-- SOURCE DATA follows --

(* Let $G$ be a connected graph with $\delta(G)=1$ and girth at least $15$. If $G\in\mathcal U$, then every vertex $v$ with $d_G(v,S_G)=2$ has exactly one single star support vertex at distance exactly $2$ from $v$.
   Context: All graphs are finite and simple. A set $P\subseteq V(G)$ is an open packing if no two distinct vertices of $P$ have a common neighbor; it is maximal if maximal under inclusion among open packings. $\rho^o(G)$ is the maximum size of an open packing and $\rho^o_L(G)$ the minimum size of a maximal open packing; $\mathcal U$ is the class of graphs with $\rho^o_L(G)=\rho^o(G)$. A leaf is a vertex of degree $1$; a support vertex is a vertex adjacent to at least one leaf; $S_G$ is the set of support vertices and $d_G(v,S_G)=\min_{s\in S_G}d_G(v,s)$. A single star support vertex is a support vertex not adjacent to any other support vertex. *)

(* A simple graph = symmetric irreflexive relation e on a finType T. *)
From mathcomp Require Import all_boot.
Set Implicit Arguments. Unset Strict Implicit. Unset Printing Implicit Defensive.

Section Graph.
Variables (T : finType) (e : rel T).

Definition nbhd (x : T) : {set T} := [set y | e x y].
Definition deg (x : T) : nat := #|nbhd x|.

Definition open_packing (P : {set T}) : bool :=
  [forall x in P, forall y in P, (x != y) ==> [disjoint nbhd x & nbhd y]].

Definition maximal_open_packing (P : {set T}) : bool :=
  open_packing P &&
  [forall Q : {set T}, (open_packing Q && (P \subset Q)) ==> (Q == P)].

Definition rho_o : nat := \max_(P : {set T} | open_packing P) #|P|.

(* rho^o_L : minimum size of a maximal open packing
   (the empty set is an open packing, so maximal ones exist) *)
Definition rho_oL : nat :=
  \big[minn/#|T|]_(P : {set T} | maximal_open_packing P) #|P|.

Definition in_U : Prop := rho_oL = rho_o.

Definition leaf (x : T) : bool := deg x == 1.
Definition support (s : T) : bool := [exists y, e s y && leaf y].
Definition single_star_support (s : T) : bool :=
  support s && [forall t, e s t ==> ~~ support t].

Definition min_deg_one : Prop := (forall x, 1 <= deg x) /\ (exists x, deg x = 1).

Definition connected_graph : Prop := forall x y, connect e x y.

Definition girth_at_least (g : nat) : Prop :=
  forall c : seq T, ucycle e c -> 3 <= size c -> g <= size c.

Definition walk_len (x y : T) (k : nat) : Prop :=
  exists p : seq T, [&& path e x p, last x p == y & size p == k].

Definition dist_is (x y : T) (k : nat) : Prop :=
  walk_len x y k /\ forall m, m < k -> ~ walk_len x y m.

Definition dist_to_supports_is (v : T) (k : nat) : Prop :=
  (exists s, support s /\ dist_is v s k) /\
  (forall s, support s -> forall m, m < k -> ~ walk_len v s m).

End Graph.

From Pilot Require Import Defs.
From mathcomp Require Import all_boot zify.
Set Implicit Arguments. Unset Strict Implicit. Unset Printing Implicit Defensive.

(** As G has no triangles, "at distance 2" means
    "sharing a neighbour" ([dist_is_two]).

    Both halves rest on one exchange argument ([exchange]): if x lies in a maximal
    open packing P and y, z share neighbours with x but not with each other nor
    with the rest of P, then (P :\ x) :|: [set y; z] is a larger open packing,
    contradicting rho_oL = rho_o. To meet its hypotheses we build, for every vertex
    c of the "shell" of x, y, z (vertices sharing a neighbour with y or z but not
    with x), the end of a non-backtracking walk of length 6 from x through c
    ([far_shell_exchange]). The girth bound makes such walks unique
    ([nobacktrack_walk_unique]), so these ends form an open packing apart from x. *)

Section NonBacktracking.
Variable T : eqType.

Fixpoint nobacktrack (s : seq T) : bool :=
  match s with
  | a :: ((_ :: c :: _) as s') => (a != c) && nobacktrack s'
  | _ => true
  end.

Definition neq_second (x : T) (s : seq T) : bool :=
  if s is _ :: z :: _ then x != z else true.

Lemma nobacktrack_cons x s : nobacktrack (x :: s) = neq_second x s && nobacktrack s.
Proof. by case: s => [|y [|z s]]. Qed.

Lemma nobacktrack_catr s t : nobacktrack (s ++ t) -> nobacktrack t.
Proof. by elim: s => // x s IH; rewrite cat_cons nobacktrack_cons => /andP[_ /IH]. Qed.

Lemma nobacktrack_catl s t : nobacktrack (s ++ t) -> nobacktrack s.
Proof.
elim: s => // x s IH; rewrite cat_cons !nobacktrack_cons => /andP[Hx /IH ->].
by rewrite andbT; case: s Hx {IH} => [|y [|z s]].
Qed.

Lemma nobacktrack_join s a b y t :
  nobacktrack (rcons (rcons s a) b) -> nobacktrack [:: b, y & t] -> a != y ->
  nobacktrack (rcons s a ++ [:: b, y & t]).
Proof.
elim: s => [|x s IH]; first by move=> _ Hb Hay; rewrite cat1s nobacktrack_cons Hb andbT.
rewrite !rcons_cons cat_cons nobacktrack_cons => /andP[Hx /IH {}IH] /IH {}IH /IH {}IH.
by rewrite nobacktrack_cons IH andbT; case: s Hx {IH} => [|z [|w s]].
Qed.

-- SOURCE DATA concluded --

▶ **EXERCISE AIM**: Starting at the line that has "nobacktrack (rcons (rcons" in the records above, restate word for word every line until the one that has "rewrite !rcons_cons cat_cons", and include that one as well.

▶ **YOUR SOLUTION**:
  nobacktrack (rcons (rcons s a) b) -> nobacktrack [:: b, y & t] -> a != y ->
  nobacktrack (rcons s a ++ [:: b, y & t]).
Proof.
elim: s => [|x s IH]; first by move=> _ Hb Hay; rewrite cat1s nobacktrack_cons Hb andbT.
rewrite !rcons_cons cat_cons nobacktrack_cons => /andP[Hx /IH {}IH] /IH {}IH /IH {}IH.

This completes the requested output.